**** MATERIAL SUPPLIED
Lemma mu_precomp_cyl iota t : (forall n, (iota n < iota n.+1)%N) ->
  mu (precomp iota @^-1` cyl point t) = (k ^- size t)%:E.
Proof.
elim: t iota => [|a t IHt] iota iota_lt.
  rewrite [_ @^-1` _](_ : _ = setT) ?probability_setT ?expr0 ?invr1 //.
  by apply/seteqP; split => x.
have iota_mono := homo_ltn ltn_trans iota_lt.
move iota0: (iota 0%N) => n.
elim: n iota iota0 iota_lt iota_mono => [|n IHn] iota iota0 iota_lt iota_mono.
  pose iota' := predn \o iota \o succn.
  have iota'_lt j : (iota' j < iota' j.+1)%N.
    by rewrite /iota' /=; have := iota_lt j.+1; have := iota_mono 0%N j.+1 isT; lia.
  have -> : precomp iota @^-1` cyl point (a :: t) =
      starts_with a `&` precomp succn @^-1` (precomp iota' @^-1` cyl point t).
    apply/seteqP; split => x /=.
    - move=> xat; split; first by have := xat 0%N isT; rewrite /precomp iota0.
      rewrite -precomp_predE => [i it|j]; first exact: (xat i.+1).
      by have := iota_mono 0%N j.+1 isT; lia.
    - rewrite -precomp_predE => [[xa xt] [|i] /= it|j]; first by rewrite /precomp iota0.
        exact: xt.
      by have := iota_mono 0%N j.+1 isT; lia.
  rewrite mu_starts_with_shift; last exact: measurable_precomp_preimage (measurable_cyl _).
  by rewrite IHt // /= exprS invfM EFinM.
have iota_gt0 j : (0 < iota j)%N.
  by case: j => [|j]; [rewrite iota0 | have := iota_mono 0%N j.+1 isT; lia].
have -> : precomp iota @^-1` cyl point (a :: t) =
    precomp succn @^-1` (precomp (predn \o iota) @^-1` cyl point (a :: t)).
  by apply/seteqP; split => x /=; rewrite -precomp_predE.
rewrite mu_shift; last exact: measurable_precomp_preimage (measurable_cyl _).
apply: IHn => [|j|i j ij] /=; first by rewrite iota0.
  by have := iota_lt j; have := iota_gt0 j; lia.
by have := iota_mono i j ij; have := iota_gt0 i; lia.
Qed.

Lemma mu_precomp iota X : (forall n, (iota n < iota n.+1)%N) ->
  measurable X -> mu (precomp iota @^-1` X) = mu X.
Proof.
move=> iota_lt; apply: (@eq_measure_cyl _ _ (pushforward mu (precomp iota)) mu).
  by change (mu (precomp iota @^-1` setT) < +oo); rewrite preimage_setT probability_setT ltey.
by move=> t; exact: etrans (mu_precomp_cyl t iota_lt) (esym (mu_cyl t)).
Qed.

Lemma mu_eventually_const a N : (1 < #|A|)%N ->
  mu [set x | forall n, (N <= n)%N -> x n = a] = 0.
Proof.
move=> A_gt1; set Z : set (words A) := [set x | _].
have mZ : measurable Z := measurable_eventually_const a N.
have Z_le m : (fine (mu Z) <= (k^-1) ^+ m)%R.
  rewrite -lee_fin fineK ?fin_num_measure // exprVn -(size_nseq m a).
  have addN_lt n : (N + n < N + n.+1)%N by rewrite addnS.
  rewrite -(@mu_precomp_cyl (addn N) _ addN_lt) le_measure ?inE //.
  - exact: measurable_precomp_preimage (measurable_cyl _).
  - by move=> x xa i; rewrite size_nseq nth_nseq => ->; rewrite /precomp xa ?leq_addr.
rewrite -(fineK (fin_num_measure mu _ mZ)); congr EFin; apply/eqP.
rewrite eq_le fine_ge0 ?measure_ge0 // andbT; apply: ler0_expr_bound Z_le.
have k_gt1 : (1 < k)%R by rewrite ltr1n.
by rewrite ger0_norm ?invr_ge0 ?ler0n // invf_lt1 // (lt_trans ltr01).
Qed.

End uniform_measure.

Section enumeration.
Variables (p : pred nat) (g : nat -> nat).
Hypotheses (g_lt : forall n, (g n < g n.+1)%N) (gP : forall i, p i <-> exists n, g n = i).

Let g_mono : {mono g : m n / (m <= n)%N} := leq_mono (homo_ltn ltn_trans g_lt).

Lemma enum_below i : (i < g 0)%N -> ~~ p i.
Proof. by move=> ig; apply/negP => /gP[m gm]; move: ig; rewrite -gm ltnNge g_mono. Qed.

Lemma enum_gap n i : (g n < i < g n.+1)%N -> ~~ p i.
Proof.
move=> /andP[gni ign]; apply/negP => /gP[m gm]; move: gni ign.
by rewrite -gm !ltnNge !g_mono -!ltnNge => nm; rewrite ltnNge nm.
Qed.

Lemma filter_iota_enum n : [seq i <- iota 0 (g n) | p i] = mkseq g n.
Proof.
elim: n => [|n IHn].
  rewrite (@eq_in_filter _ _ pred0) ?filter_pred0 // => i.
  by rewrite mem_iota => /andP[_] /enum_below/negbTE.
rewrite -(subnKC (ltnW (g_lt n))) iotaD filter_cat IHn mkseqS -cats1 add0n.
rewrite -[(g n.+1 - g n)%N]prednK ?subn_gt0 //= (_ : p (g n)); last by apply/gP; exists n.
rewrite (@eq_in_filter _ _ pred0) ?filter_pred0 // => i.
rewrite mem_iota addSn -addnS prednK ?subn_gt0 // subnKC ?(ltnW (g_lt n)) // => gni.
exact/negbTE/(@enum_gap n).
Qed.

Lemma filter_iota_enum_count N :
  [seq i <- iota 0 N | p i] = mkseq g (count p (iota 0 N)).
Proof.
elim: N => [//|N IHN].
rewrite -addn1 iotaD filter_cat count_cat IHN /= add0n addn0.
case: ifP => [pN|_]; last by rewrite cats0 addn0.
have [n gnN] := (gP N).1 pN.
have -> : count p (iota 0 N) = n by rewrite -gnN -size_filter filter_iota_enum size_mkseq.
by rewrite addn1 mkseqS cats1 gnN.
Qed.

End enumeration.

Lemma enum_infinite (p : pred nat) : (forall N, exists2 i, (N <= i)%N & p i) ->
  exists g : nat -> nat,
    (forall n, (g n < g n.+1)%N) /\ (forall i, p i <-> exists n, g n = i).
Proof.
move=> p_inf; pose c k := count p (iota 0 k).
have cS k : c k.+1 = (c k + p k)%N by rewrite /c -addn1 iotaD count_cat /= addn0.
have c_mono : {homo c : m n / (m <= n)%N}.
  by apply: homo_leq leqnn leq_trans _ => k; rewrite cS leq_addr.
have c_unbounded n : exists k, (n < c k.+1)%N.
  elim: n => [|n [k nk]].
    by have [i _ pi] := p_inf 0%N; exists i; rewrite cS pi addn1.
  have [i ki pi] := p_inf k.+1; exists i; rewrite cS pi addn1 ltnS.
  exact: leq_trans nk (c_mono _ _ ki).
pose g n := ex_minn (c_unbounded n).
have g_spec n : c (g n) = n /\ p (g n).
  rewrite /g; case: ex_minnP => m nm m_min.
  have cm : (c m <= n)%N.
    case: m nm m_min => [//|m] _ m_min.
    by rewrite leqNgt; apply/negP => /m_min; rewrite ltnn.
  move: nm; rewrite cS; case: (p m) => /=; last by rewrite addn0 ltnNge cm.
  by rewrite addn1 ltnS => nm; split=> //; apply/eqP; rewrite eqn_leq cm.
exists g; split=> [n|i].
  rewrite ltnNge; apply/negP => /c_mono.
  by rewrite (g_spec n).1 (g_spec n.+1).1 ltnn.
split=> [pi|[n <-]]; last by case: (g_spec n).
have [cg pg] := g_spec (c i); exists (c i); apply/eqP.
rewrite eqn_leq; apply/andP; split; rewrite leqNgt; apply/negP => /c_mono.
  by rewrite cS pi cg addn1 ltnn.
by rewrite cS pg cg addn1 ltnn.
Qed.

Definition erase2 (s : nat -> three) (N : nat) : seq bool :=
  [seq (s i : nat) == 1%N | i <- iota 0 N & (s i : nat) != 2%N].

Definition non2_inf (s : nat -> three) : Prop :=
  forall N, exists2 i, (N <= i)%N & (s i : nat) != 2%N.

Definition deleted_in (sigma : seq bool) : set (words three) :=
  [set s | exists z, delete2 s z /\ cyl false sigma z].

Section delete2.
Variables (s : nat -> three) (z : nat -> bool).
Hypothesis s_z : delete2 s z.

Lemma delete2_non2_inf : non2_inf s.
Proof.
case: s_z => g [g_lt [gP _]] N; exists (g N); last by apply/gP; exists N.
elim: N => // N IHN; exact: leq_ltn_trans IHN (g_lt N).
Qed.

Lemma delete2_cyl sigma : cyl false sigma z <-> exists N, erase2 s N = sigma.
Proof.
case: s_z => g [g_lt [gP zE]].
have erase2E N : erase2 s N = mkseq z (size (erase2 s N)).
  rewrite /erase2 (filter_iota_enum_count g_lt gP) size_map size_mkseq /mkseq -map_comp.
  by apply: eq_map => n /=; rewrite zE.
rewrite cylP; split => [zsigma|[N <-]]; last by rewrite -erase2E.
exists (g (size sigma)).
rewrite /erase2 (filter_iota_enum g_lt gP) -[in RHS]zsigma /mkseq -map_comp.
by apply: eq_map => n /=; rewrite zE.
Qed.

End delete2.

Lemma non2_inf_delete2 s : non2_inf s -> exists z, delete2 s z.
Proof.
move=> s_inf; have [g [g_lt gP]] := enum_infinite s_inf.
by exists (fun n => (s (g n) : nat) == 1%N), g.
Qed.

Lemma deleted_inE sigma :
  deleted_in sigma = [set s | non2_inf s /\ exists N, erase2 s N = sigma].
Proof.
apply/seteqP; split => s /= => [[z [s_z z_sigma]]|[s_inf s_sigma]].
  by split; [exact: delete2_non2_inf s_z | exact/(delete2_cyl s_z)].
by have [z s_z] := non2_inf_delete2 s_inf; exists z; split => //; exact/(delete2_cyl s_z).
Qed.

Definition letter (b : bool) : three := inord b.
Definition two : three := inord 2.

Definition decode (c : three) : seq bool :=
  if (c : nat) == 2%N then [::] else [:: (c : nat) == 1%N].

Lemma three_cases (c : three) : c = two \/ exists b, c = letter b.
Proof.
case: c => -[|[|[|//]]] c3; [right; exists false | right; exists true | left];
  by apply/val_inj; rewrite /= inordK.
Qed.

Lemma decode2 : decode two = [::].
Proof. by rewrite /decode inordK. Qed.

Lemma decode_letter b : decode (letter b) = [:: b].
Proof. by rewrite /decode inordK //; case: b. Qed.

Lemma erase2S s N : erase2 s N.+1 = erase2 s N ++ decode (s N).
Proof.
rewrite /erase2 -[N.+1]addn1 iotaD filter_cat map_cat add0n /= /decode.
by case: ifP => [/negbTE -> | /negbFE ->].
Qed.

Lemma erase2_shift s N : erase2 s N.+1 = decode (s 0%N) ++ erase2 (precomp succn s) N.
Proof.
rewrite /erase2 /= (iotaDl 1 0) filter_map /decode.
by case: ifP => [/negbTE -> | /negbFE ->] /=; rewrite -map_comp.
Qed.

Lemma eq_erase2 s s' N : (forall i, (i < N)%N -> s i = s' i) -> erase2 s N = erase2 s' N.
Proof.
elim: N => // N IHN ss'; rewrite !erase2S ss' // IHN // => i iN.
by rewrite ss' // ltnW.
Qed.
********
Your task is to restate, word for word, the lines from the beginning of the records to the line with "move iota0: (iota 0%N) => n.", inclusive.

● YOUR RESPONSE
Lemma mu_precomp_cyl iota t : (forall n, (iota n < iota n.+1)%N) ->
  mu (precomp iota @^-1` cyl point t) = (k ^- size t)%:E.
Proof.
elim: t iota => [|a t IHt] iota iota_lt.
  rewrite [_ @^-1` _](_ : _ = setT) ?probability_setT ?expr0 ?invr1 //.
  by apply/seteqP; split => x.
have iota_mono := homo_ltn ltn_trans iota_lt.
move iota0: (iota 0%N) => n.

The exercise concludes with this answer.